Abnormal spontaneous firing is well described in axotomized sensory neurons and likely contributes to nerve injury-induced pain. The hyperpolarization-activated current I_h initiates spontaneous, rhythmic depolarization in the sinoatrial node and central neurons. This study was undertaken to investigate the possible contribution of I_h to primary afferent ectopic discharge and pain behavior in nerve-injured rats. Nerve injury was produced by tight ligation of lumbar spinal nerves (L5/6). Two weeks later, rats showed marked mechanical allodynia. Withdrawal thresholds were measured before and after administration of saline or the specific I_h antagonist ZD7288 (1, 3, or 10 mg/kg, intraperitoneally). ZD7288 dose-dependently reversed mechanical allodynia. In a second experiment, we performed both in vivo and in vitro extracellular single unit recordings from teased dorsal root fascicles. Intravenous infusion (2.5 or 5 mg/kg) of ZD7288 during a period of 10 minutes significantly blocked ectopic discharges in vivo. Perfusion (25 to 100 μmol/L) of ZD7288 for 5 minutes in vitro almost completely blocked ectopic discharges from large myelinated fibers (Aβ) while partially suppressing ectopic discharge from thinly myelinated fibers (Aδ). We conclude from these data that in axotomized sensory neurons, a ZD7288-sensitive current contributes to spontaneous discharges in myelinated fibers. Thus, I_h might substantially contribute to the pathophysiology of nerve injury-related neuropathic pain.
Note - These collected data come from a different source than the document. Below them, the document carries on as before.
Lemma Lnorm2_convcomb_add_le (c : R) (f1 f2 f3 F : T -> R) :
  0 <= c <= 1 -> measurable_fun setT f1 -> measurable_fun setT f2 ->
  measurable_fun setT f3 -> measurable_fun setT F ->
  (forall x, 0 <= F x <= (1 - c) * f1 x + c * f2 x + f3 x) ->
  (N2 F <= (1 - c)%:E * N2 f1 + c%:E * N2 f2 + N2 f3)%E.
Proof.
move=> /andP[c0 c1] m1 m2 m3 mF Fle.
have m1' : measurable_fun setT (fun x => (1 - c) * f1 x) by exact: measurable_funM.
have m2' : measurable_fun setT (fun x => c * f2 x) by exact: measurable_funM.
have m12 := measurable_funD m1' m2'.
apply: (le_trans
  (@Lnorm2_le F (fun x => (1 - c) * f1 x + c * f2 x + f3 x) mF _ Fle)).
  exact: measurable_funD.
apply: (le_trans (@Lnorm2D (fun x => (1 - c) * f1 x + c * f2 x) f3 m12 m3)).
rewrite leeD2r //.
apply: (le_trans (@Lnorm2D (fun x => (1 - c) * f1 x) (fun x => c * f2 x) m1' m2')).
by rewrite !Lnorm2Z // subr_ge0.
Qed.

End L2Norm.

Lemma lte_convcomb_add_twice (R : realType) (x y z : \bar R) (c e : R) :
  0 <= c <= 1 -> (0 <= x)%E -> (0 <= y)%E -> (0 <= z)%E ->
  (x < e%:E)%E -> (y < e%:E)%E -> (z < e%:E)%E ->
  ((1 - c)%:E * x + c%:E * y + z < (2 * e)%:E)%E.
Proof.
move=> /andP[c0 c1] x0 y0 z0 xe ye ze.
case: x x0 xe => [x| |] // x0 xe; try by rewrite ltNge leey in xe.
case: y y0 ye => [y| |] // y0 ye; try by rewrite ltNge leey in ye.
case: z z0 ze => [z| |] // z0 ze; try by rewrite ltNge leey in ze.
rewrite !lee_fin !lte_fin in x0 y0 z0 xe ye ze.
rewrite -!EFinM -!EFinD lte_fin; nra.
Qed.

Section Measurability.
Variables (R : realType) (L : nat).

Lemma continuous_measurable_Vsp (f : 'rV[R]_L -> R) :
  continuous f -> measurable_fun [set: Vsp R L] (f : Vsp R L -> R).
Proof.
move=> /continuousP cf.
apply: (measurability _ (measurable_realfun.RGenOpens.measurableE R)).
move=> _ [_ [a [b ->] <-]]; apply: sub_sigma_algebra; rewrite setTI.
exact/cf/interval_open.
Qed.

Lemma measurable_LOT (sigma : {measure set Vsp R L -> \bar R})
    (nu : set (Vsp R L) -> \bar R) :
  measurable_fun [set: Vsp R L] (LOT sigma nu : Vsp R L -> Vsp R L).
Proof.
rewrite /LOT; case: xgetP => [T -> [[mT _] _]|_]; first exact: mT.
exact: measurable_cst.
Qed.

Definition coord_measurable (F : 'rV[R]_L -> 'rV[R]_L) :=
  forall i, measurable_fun [set: Vsp R L] (fun x : Vsp R L => F x ord0 i).

Lemma continuous_comp_coord_measurable (g F : 'rV[R]_L -> 'rV[R]_L) :
  continuous g -> measurable_fun [set: Vsp R L] (F : Vsp R L -> Vsp R L) ->
  coord_measurable (g \o F).
Proof.
move=> cg mF i.
apply: (measurableT_comp (f := fun x : Vsp R L => g x ord0 i)) => //.
apply: continuous_measurable_Vsp => x.
exact: (continuous_comp (cg x) (@coord_continuous R 1 L ord0 i _)).
Qed.

Lemma coord_measurableD (F G : 'rV[R]_L -> 'rV[R]_L) :
  coord_measurable F -> coord_measurable G -> coord_measurable (fun x => F x + G x).
Proof.
move=> mF mG i; rewrite (_ : (fun x => _) = (fun x => F x ord0 i + G x ord0 i)).
  exact: measurable_funD.
by apply/funext => x; rewrite mxE.
Qed.

Lemma coord_measurableN (F : 'rV[R]_L -> 'rV[R]_L) :
  coord_measurable F -> coord_measurable (fun x => - F x).
Proof.
move=> mF i; rewrite (_ : (fun x => _) = (fun x => - F x ord0 i)).
  exact: measurableT_comp.
by apply/funext => x; rewrite mxE.
Qed.

Lemma coord_measurableZ (k : R) (F : 'rV[R]_L -> 'rV[R]_L) :
  coord_measurable F -> coord_measurable (fun x => k *: F x).
Proof.
move=> mF i; rewrite (_ : (fun x => _) = (fun x => k * F x ord0 i)).
  exact: measurable_funM.
by apply/funext => x; rewrite mxE.
Qed.

Lemma measurable_enorm (F : 'rV[R]_L -> 'rV[R]_L) : coord_measurable F ->
  measurable_fun [set: Vsp R L] (fun x : Vsp R L => enorm (F x)).
Proof.
move=> mF; apply: (measurableT_comp (f := @Num.sqrt R)).
  by apply: continuous_measurable_fun; exact: sqrt_continuous.
by apply: measurable_sum => i; exact: measurable_funM.
Qed.

Lemma coord_measurable_LOT (sigma : {measure set Vsp R L -> \bar R})
    (nu : set (Vsp R L) -> \bar R) :
  coord_measurable (LOT sigma nu).
Proof.
exact: (@continuous_comp_coord_measurable id _ (fun x => cvg_id) (measurable_LOT _ _)).
Qed.

Lemma measurable_enorm_LOT_sub (sigma : {measure set Vsp R L -> \bar R})
    (mu nu : set (Vsp R L) -> \bar R) (g : 'rV[R]_L -> 'rV[R]_L) :
  continuous g ->
  measurable_fun [set: Vsp R L]
    (fun x : Vsp R L => enorm (LOT sigma nu x - g (LOT sigma mu x))).
Proof.
move=> cg; apply: measurable_enorm; apply: coord_measurableD.
  exact: coord_measurable_LOT.
apply: coord_measurableN.
exact: (@continuous_comp_coord_measurable g (LOT sigma mu) cg (measurable_LOT _ _)).
Qed.

End Measurability.

Lemma diffeo_continuous (R : realType) (L : nat) (g : 'rV[R]_L -> 'rV[R]_L) :
  diffeo g -> continuous g.
Proof. by move=> [_ [_ [_ [dg _]]]] x; exact: differentiable_continuous. Qed.

Theorem proposition2 (R : realType) (L : nat) (hL : (0 < L)%N)
    (lambda : {measure set (Vsp R L) -> \bar R}) (hlambda : is_lebesgue lambda)
    (K : set 'rV[R]_L) (hKc : compact K)
    (hKconv : convex_set (K : set (convex_lmodType 'rV[R]_L)))
    (hK0 : (0 < lambda K)%E)
    (sigma : probability (Vsp R L) R)
    (hsigma : forall A : set (Vsp R L), measurable A ->
        sigma A = (lambda (A `&` K) * ((fine (lambda K))^-1)%:E)%E)
    (mu : probability (Vsp R L) R) (hmu : in_P2 lambda mu)
    (eps : R) (heps : 0 <= eps)
    (G : set ('rV[R]_L -> 'rV[R]_L))
    (hGdiff : forall g, G g -> diffeo g)
    (hGconv : forall g1 g2 (c : R), G g1 -> G g2 -> 0 <= c <= 1 ->
        G (convcomb c g1 g2))
    (hGA : forall g, G g -> exists h, scal_transl h /\
        (L2norm mu (fun x => (g x - h x)%R)
          <= eps%:E)%E)
    (delta : R) (hdelta : 0 < delta)
    (hG : forall g, G g ->
        (L2norm sigma (fun x => (LOT sigma (push mu g) x
                                - g (LOT sigma mu x))%R) < delta%:E)%E) :
  forall (c : R) g1 g2, 0 <= c <= 1 -> G g1 -> G g2 ->
    (L2norm sigma (fun x => ((1 - c) *: LOT sigma (push mu g1) x
                            + c *: LOT sigma (push mu g2) x
                            - LOT sigma (push mu (convcomb c g1 g2)) x)%R)
       < (2 * delta)%R%:E)%E.
Proof.
move=> c g1 g2 c01 G1 G2.
have Gc : G (convcomb c g1 g2) by exact: hGconv.
have mdefect g : G g -> measurable_fun [set: Vsp R L]
    (fun x => enorm (LOT sigma (push mu g) x - g (LOT sigma mu x))).
  by move=> Gg; apply: measurable_enorm_LOT_sub; exact: diffeo_continuous (hGdiff _ Gg).
have mF : measurable_fun [set: Vsp R L] (fun x => enorm ((1 - c) *: LOT sigma
    (push mu g1) x + c *: LOT sigma (push mu g2) x
    - LOT sigma (push mu (convcomb c g1 g2)) x)).
  apply: measurable_enorm; apply: coord_measurableD.
    by apply: coord_measurableD; apply: coord_measurableZ; exact: coord_measurable_LOT.
  by apply: coord_measurableN; exact: coord_measurable_LOT.
rewrite /L2norm; apply: le_lt_trans.
  apply: (@Lnorm2_convcomb_add_le _ _ _ sigma c _ _ _ _ c01
    (mdefect _ G1) (mdefect _ G2) (mdefect _ Gc) mF).
  by move=> x; rewrite enorm_ge0 enorm_convcomb_sub_le.
apply: lte_convcomb_add_twice => //; try exact: Lnorm_ge0; exact: hG.
Qed.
The current study investigated the mechanism of abnormal spontaneous discharges (ectopic discharges) from axotomized sensory afferents. Ectopic discharges are a main driving source of nerve injury-induced neuropathic pain. Understanding the mechanism of ectopic discharges and identifying how to control them will be useful toward developing new therapies.